This function is the main entry point for the prediction pipeline. It aligns query sequences to databases, generates contact maps, and runs DeepFRI predictions for specified functional categories.

Parameters:
  • query_file (QueryFile) – Object containing query sequences.

  • databases (Tuple[Database]) – Tuple of database objects to search against.

  • weights (str) – Path to folder containing DeepFRI model weights.

  • output_path (str) – Path to directory for saving results.

  • deepfri_processing_modes (List[str], optional) – List of modes to predict. Options: “ec”, “bp”, “mf”, “cc”. Defaults to [“ec”, “bp”, “mf”, “cc”].

  • angstrom_contact_threshold (float, optional) – Distance threshold for contact maps. Defaults to 6.

  • generate_contacts (int, optional) – Gap for generating contact maps. Defaults to 2.

  • alignment_gap_open (float, optional) – Gap open penalty for alignment. Defaults to 10.

  • alignment_gap_continuation (float, optional) – Gap extension penalty. Defaults to 1.

  • remove_intermediate (bool, optional) – Remove intermediate files. Defaults to False.

  • threads (int, optional) – Number of threads for parallel processing. Defaults to 1.

  • save_structures (bool, optional) – Save aligned structures to disk. Defaults to False.

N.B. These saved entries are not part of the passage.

Inductive instr :=
| IConst of nat & nat          (* IConst d c     : M[d] := c mod 2^ws       *)
| IBin of binop & nat & nat & nat (* IBin op d a b : M[d] := M[a] op M[b]   *)
| ILoad of nat & nat           (* ILoad d a      : M[d] := M[M[a]]          *)
| IStore of nat & nat          (* IStore a s     : M[M[a]] := M[s]          *)
| IJz of nat & nat             (* IJz a l        : if M[a] = 0 goto l       *)
| IJmp of nat                  (* IJmp l         : goto l                   *)
| IHalt.

Definition eval_binop (ws : nat) (op : binop) (x y : nat) : nat :=
  let W := 2 ^ ws in
  match op with
  | OAdd => (x + y) %% W
  | OSub => (x + W - y %% W) %% W
  | OMul => (x * y) %% W
  | ODiv => if y == 0 then 0 else x %/ y
  | OMod => if y == 0 then 0 else x %% y
  | OAnd => Nat.land x y
  | OOr  => Nat.lor x y
  | OXor => Nat.lxor x y
  | OShl => (x * 2 ^ y) %% W
  | OShr => x %/ 2 ^ y
  | OLt  => (x < y : nat)
  | OEq  => (x == y : nat)
  end.

Definition upd (M : nat -> nat) (a v : nat) : nat -> nat :=
  fun i => if i == a then v else M i.

(* [run ws P fuel pc M] executes program P from pc with memory M for at *)
(* most [fuel] unit-cost steps (the final Halt counting as one step).   *)
(* It returns Some M' if P halts within that budget (falling off the    *)
(* end of the program also counts as halting), None otherwise.          *)
Fixpoint run (ws : nat) (P : seq instr) (fuel pc : nat) (M : nat -> nat)
  : option (nat -> nat) :=
  match fuel with
  | 0 => None
  | f.+1 =>
    let W := 2 ^ ws in
    match nth IHalt P pc with
    | IHalt => Some M
    | IConst d c => run ws P f pc.+1 (upd M d (c %% W))
    | IBin op d a b => run ws P f pc.+1 (upd M d (eval_binop ws op (M a) (M b) %% W))
    | ILoad d a => run ws P f pc.+1 (upd M d (M (M a)))
    | IStore a s => run ws P f pc.+1 (upd M (M a) (M s))
    | IJz a l => run ws P f (if M a == 0 then l else pc.+1) M
    | IJmp l => run ws P f l M
    end
  end.

Definition init_mem (k : nat) (w : seq nat) : nat -> nat :=
  fun i => if i == 0 then k
           else if i == 1 then size w
           else if (2 <= i) && (i < size w + 2) then nth 0 w (i - 2)
           else 0.

From mathcomp Require Import all_boot zify.
Set Implicit Arguments. Unset Strict Implicit. Unset Printing Implicit Defensive.

(* For a set S of letters let dp S be the length of the shortest prefix of w
   containing pairwise disjoint factors for all letters of S (n+1 if there is
   none). In an optimal family the factor ending last may be replaced by the
   earliest-ending factor of its letter that starts after the prefix used by
   the others, so dp S is the minimum over i in S of the end of the
   earliest-ending i-factor starting at or after dp (S \ {i}), and w is a
   yes-instance iff dp {1..k} <= n. With the next-occurrence table
   next_occ p c, filled from right to left in O(kn), such an end costs two
   lookups, so all 2^k subsets are processed in O(k 2^k). *)

Lemma eq_in_foldl (T : eqType) (R : Type) (f g : R -> T -> R) z (s : seq T) :
  (forall y x, x \in s -> f y x = g y x) -> foldl f z s = foldl g z s.
Proof.
elim: s z => //= x s IHs z fg; rewrite fg ?mem_head // IHs // => y x' s_x'.
by apply: fg; rewrite inE s_x' orbT.
Qed.

Lemma eqn_mulnD_small d p c p' c' : c < d -> c' < d ->
  (p * d + c == p' * d + c') = (p == p') && (c == c').
Proof.
move=> lt_cd lt_c'd; apply/eqP/andP => [eq_pc | [/eqP -> /eqP ->] //].
have d_gt0 : 0 < d by lia.
have := congr1 (divn^~ d) eq_pc; have := congr1 (modn^~ d) eq_pc.
rewrite /= !divnMDl // !divn_small // !modnMDl !modn_small // !addn0 => -> ->.
by split.
Qed.

Lemma modn_addBn W x y : y <= x -> x < W -> (x + W - y) %% W = x - y.
Proof.
move=> le_yx lt_xW; rewrite -addnBAC // modnDr modn_small //.
exact: leq_ltn_trans (leq_subr _ _) lt_xW.
Qed.

Section NextOccurrence.
Variable w : seq nat.

Definition next_occ p (c : nat) := minn (size w) (p + find (pred1 c) (drop p w)).

(* One past the end of the earliest-ending factor [c ... c] that starts at
   position [p] or later; it exceeds [size w] when there is no such factor. *)
Definition factor_end p c := (next_occ (next_occ p c).+1 c).+1.

Lemma next_occ_le p c : next_occ p c <= size w.
Proof. exact: geq_minl. Qed.

Lemma next_occ_spec p c : next_occ p c < size w ->
  p <= next_occ p c /\ nth 0 w (next_occ p c) = c.
Proof.
rewrite /next_occ gtn_min ltnn /= => lt_find.
rewrite (minn_idPr (ltnW lt_find)); split; first exact: leq_addr.
have : has (pred1 c) (drop p w) by rewrite has_find size_drop ltn_subRL.
by move/(nth_find 0); rewrite nth_drop => /eqP.
Qed.

Lemma next_occ_min p c x : p <= x -> x < size w -> nth 0 w x = c ->
  next_occ p c <= x.
Proof.
move=> le_px lt_xn wx; apply: leq_trans (geq_minr _ _) _.
case: (leqP (find (pred1 c) (drop p w)) (x - p)) => [|lt_x]; first lia.
by have := before_find 0 lt_x; rewrite nth_drop subnKC //= wx eqxx.
Qed.

Lemma next_occ_step p c : p < size w ->
  next_occ p c = if nth 0 w p == c then p else next_occ p.+1 c.
Proof.
move=> lt_pn; rewrite /next_occ (drop_nth 0 lt_pn) /=.
case: eqP => _; last by rewrite addnS addSn.
by rewrite addn0; apply/minn_idPr/ltnW.
Qed.

Lemma next_occ_oversize p c : size w <= p -> next_occ p c = size w.
Proof. by move=> le_np; rewrite /next_occ drop_oversize //=; apply/minn_idPl; lia. Qed.

Lemma factor_end_sound p c : factor_end p c <= size w -> exists s e,
  [/\ p <= s, s < e, e.+1 = factor_end p c, nth 0 w s = c & nth 0 w e = c].
Proof.
rewrite /factor_end => lt_en.
have [lt_se we] := next_occ_spec lt_en.
have [le_ps ws] := next_occ_spec (ltn_trans lt_se lt_en).
by exists (next_occ p c), (next_occ (next_occ p c).+1 c).
Qed.

Lemma factor_end_min p c s e : p <= s -> s < e -> e < size w ->
  nth 0 w s = c -> nth 0 w e = c -> factor_end p c <= e.+1.
Proof.
move=> le_ps lt_se lt_en ws we; rewrite /factor_end ltnS.
have := next_occ_min le_ps (ltn_trans lt_se lt_en) ws.
by move=> le_s; apply: next_occ_min => //; apply: leq_ltn_trans lt_se.
Qed.

End NextOccurrence.

Definition bit S i := odd (S %/ 2 ^ i).

Lemma bit0n i : bit 0 i = false.
Proof. by rewrite /bit div0n. Qed.

Lemma bit_expn_le S i : bit S i -> 2 ^ i <= S.
Proof. by rewrite /bit -divn_gt0 ?expn_gt0 //; case: (S %/ 2 ^ i). Qed.

Lemma bit_subn_lt S i : bit S i -> S - 2 ^ i < S.
Proof. move/bit_expn_le; have : 0 < 2 ^ i by rewrite expn_gt0. lia. Qed.
Lemma full_node_attrs k cs g : {subset node_attrs (full_node k cs g) <= cs}.
Proof.
elim: cs g => //= c cs IH g x; rewrite inE => /orP[/eqP->|]; first by rewrite mem_head.
case/mem_flatten_map_In => _ /List.in_map_iff [y [<- _]] /IH xcs.
by rewrite inE xcs orbT.
Qed.

Lemma full_node_paths k cs g tau : tau \in node_paths (full_node k cs g) ->
  exists2 w, size w = size cs & tau = (zip cs w, g w).
Proof.
elim: cs g tau => [|c cs IH] g tau /=; first by rewrite inE => /eqP ->; exists [::].
case/mem_flatten_map_In => _ /List.in_map_iff [x [<- _]] /mapP [q qin ->].
by have [w sw ->] := IH _ _ qin; exists (x :: w); rewrite /= ?sw.
Qed.

Lemma mem_full_node_paths k cs g w : size w = size cs -> all (fun x => x < k) w ->
  (zip cs w, g w) \in node_paths (full_node k cs g).
Proof.
elim: cs g w => [|c cs IH] g [|x w] //=; first by rewrite mem_head.
case=> sw /andP[xk wk]; apply/mem_flatten_map_In.
exists (x, full_node k cs (fun v => g (x :: v))).
  by apply/List.in_map_iff; exists x; split => //; apply/InP; rewrite mem_iota.
exact: (map_f (fun q => ((c, x) :: q.1, q.2)) (IH _ _ sw wk)).
Qed.

Lemma det_tree_full_Jop k nu T :
  0 < k -> wf_table k T -> valid_nu k (size (cols T)) nu ->
  det_tree k (Jop nu T) [:: full_node k (cols T) (fun v => head 0 (nu v))].
Proof.
move=> k0 /and4P[ucols rows_ok _ _] nu_ok.
have row_ok r : r \in rows T -> size r.1 = size (cols T) /\ all (fun x => x < k) r.1.
  by move/(allP rows_ok) => /and3P[/eqP ? ? _].
split; [split | by [] | by rewrite /= full_node_det];
  rewrite /k_tree /tree_attrs /tree_paths /= ?cats0.
- by rewrite full_node_ok.
- exact: full_node_attrs.
- move=> _ /mapP [r rT ->]; have [sr kr] := row_ok r rT.
  exists (zip (cols T) r.1, head 0 (nu r.1)); first exact: mem_full_node_paths.
  exact: row_matches_zip.
- move=> _ /full_node_paths [w sw ->] /=.
  apply/subtable_decisionP => _ /mapP [r rT ->] /= rmw.
  have [sr kr] := row_ok r rT; have <- := row_matches_zip_eq ucols sr sw rmw.
  by have /andP[] := nu_ok _ sr kr; case: (nu r.1) => //= x s _ _; rewrite mem_head.
Qed.

Definition chain (a : word) (d : nat) : dnode :=
  foldr (fun p t => Node p.1 [:: (p.2, t)]) (Leaf d) a.

Definition chain_forest (U : seq word) : dtree := [seq chain a (index a U) | a <- U].

Lemma chain_paths a d : node_paths (chain a d) = [:: (a, d)].
Proof. by elim: a => //= -[f x] a ->. Qed.

Lemma chain_attrs a d : node_attrs (chain a d) = map fst a.
Proof. by elim: a => //= p a ->; rewrite cats0. Qed.

Lemma chain_ok k a d : all (fun p => p.2 < k) a -> node_ok k (chain a d).
Proof. by elim: a => //= p a IH /andP[-> /IH ->]. Qed.

Lemma chains_paths (s : seq word) (h : word -> nat) :
  tree_paths [seq chain a (h a) | a <- s] = [seq (a, h a) | a <- s].
Proof. by elim: s => //= a s; rewrite /tree_paths /= chain_paths => ->. Qed.

Lemma chains_attrs (s : seq word) (h : word -> nat) :
  tree_attrs [seq chain a (h a) | a <- s] = flatten [seq map fst a | a <- s].
Proof. by elim: s => //= a s; rewrite /tree_attrs /= chain_attrs => ->. Qed.

Definition matched_positions (T : table) (U : seq word) (v : seq nat) : seq nat :=
  [seq i <- iota 0 (size U) | row_matches T v (nth [::] U i)].

Definition cover_decisions (T : table) (U : seq word) (v : seq nat) : seq nat :=
  if matched_positions T U v is [::] then [:: 0] else matched_positions T U v.

Definition only_match (T : table) (U : seq word) (a : word) (v : seq nat) : bool :=
  row_matches T v a && all (fun b => (b == a) || ~~ row_matches T v b) U.

Lemma mem_matched_positions T U v i :
  (i \in matched_positions T U v) = (i < size U) && row_matches T v (nth [::] U i).
Proof. by rewrite mem_filter mem_iota andbC. Qed.

Lemma index_matched_positions T U v a :
  a \in U -> row_matches T v a -> index a U \in matched_positions T U v.
Proof. by move=> aU rma; rewrite mem_matched_positions index_mem aU nth_index. Qed.

Lemma cover_decisions_matched T U v a :
  a \in U -> row_matches T v a -> cover_decisions T U v = matched_positions T U v.
Proof.
move=> aU /(index_matched_positions aU); rewrite /cover_decisions.
by case: matched_positions.
Qed.

Lemma cover_decisions_dset T U v : is_dset (cover_decisions T U v).
Proof.
rewrite /cover_decisions /is_dset; case E: matched_positions => [|i s] //; rewrite andTb -E.
by apply: sorted_filter; [exact: ltn_trans | exact: iota_ltn_sorted].
Qed.

Lemma mem_cover_decisions T U v a :
  a \in U -> row_matches T v a -> index a U \in cover_decisions T U v.
Proof.
by move=> aU rma; rewrite (cover_decisions_matched aU rma) index_matched_positions.
Qed.

Lemma cover_decisions_only_match T U v a d :
  a \in U -> only_match T U a v -> d \in cover_decisions T U v -> nth [::] U d = a.
Proof.
move=> aU /andP[rma /allP only_a].
rewrite (cover_decisions_matched aU rma) mem_matched_positions => /andP[dU rmd].
by have := only_a _ (mem_nth [::] dU); rewrite rmd orbF => /eqP.
Qed.

Lemma irreducible_cover_only_match k psi T n U a :
  irreducible_cover k psi T n U -> a \in U -> exists2 r, r \in rows T & only_match T U a r.1.
Proof.
move=> [[uU Uok Ucov] Umin] aU; apply/hasP/negPn/negP => no_only.
have sz : size (rem a U) < size U by rewrite size_rem // ltn_predL; case: (U) aU.
apply: (Umin _ (rem_uniq a uU) (fun x => @mem_rem _ a U x) sz); split.
- exact: rem_uniq.
- by apply/allP => b /mem_rem /(allP Uok).
move=> r rT; have /hasP [b bU rmb] := Ucov r rT; apply/hasP.
case: (eqVneq b a) => [eba|nba]; last by exists b; rewrite // (mem_rem_uniq _ uU) inE nba.
have : ~~ only_match T U a r.1 by apply: contra no_only => h; apply/hasP; exists r.
rewrite /only_match -eba rmb /= => /allPn [b' b'U].
by rewrite negb_or negbK => /andP [nb' rmb']; exists b'; rewrite // (mem_rem_uniq _ uU) inE nb'.
Qed.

  • save_cmaps (bool, optional) – Save generated contact maps to disk. Defaults to False.

  • skip_matrix (bool, optional) – Skip writing full prediction matrices. Defaults to False.

  • scoring_matrix (str, optional) – Scoring matrix for alignment. Defaults to “VTML80”.

  • propagate_go_terms (bool, optional) – Propagate GO terms up the ontology DAG using the true-path rule (is_a and part_of). Downloads go-basic.obo automatically if needed. Defaults to False.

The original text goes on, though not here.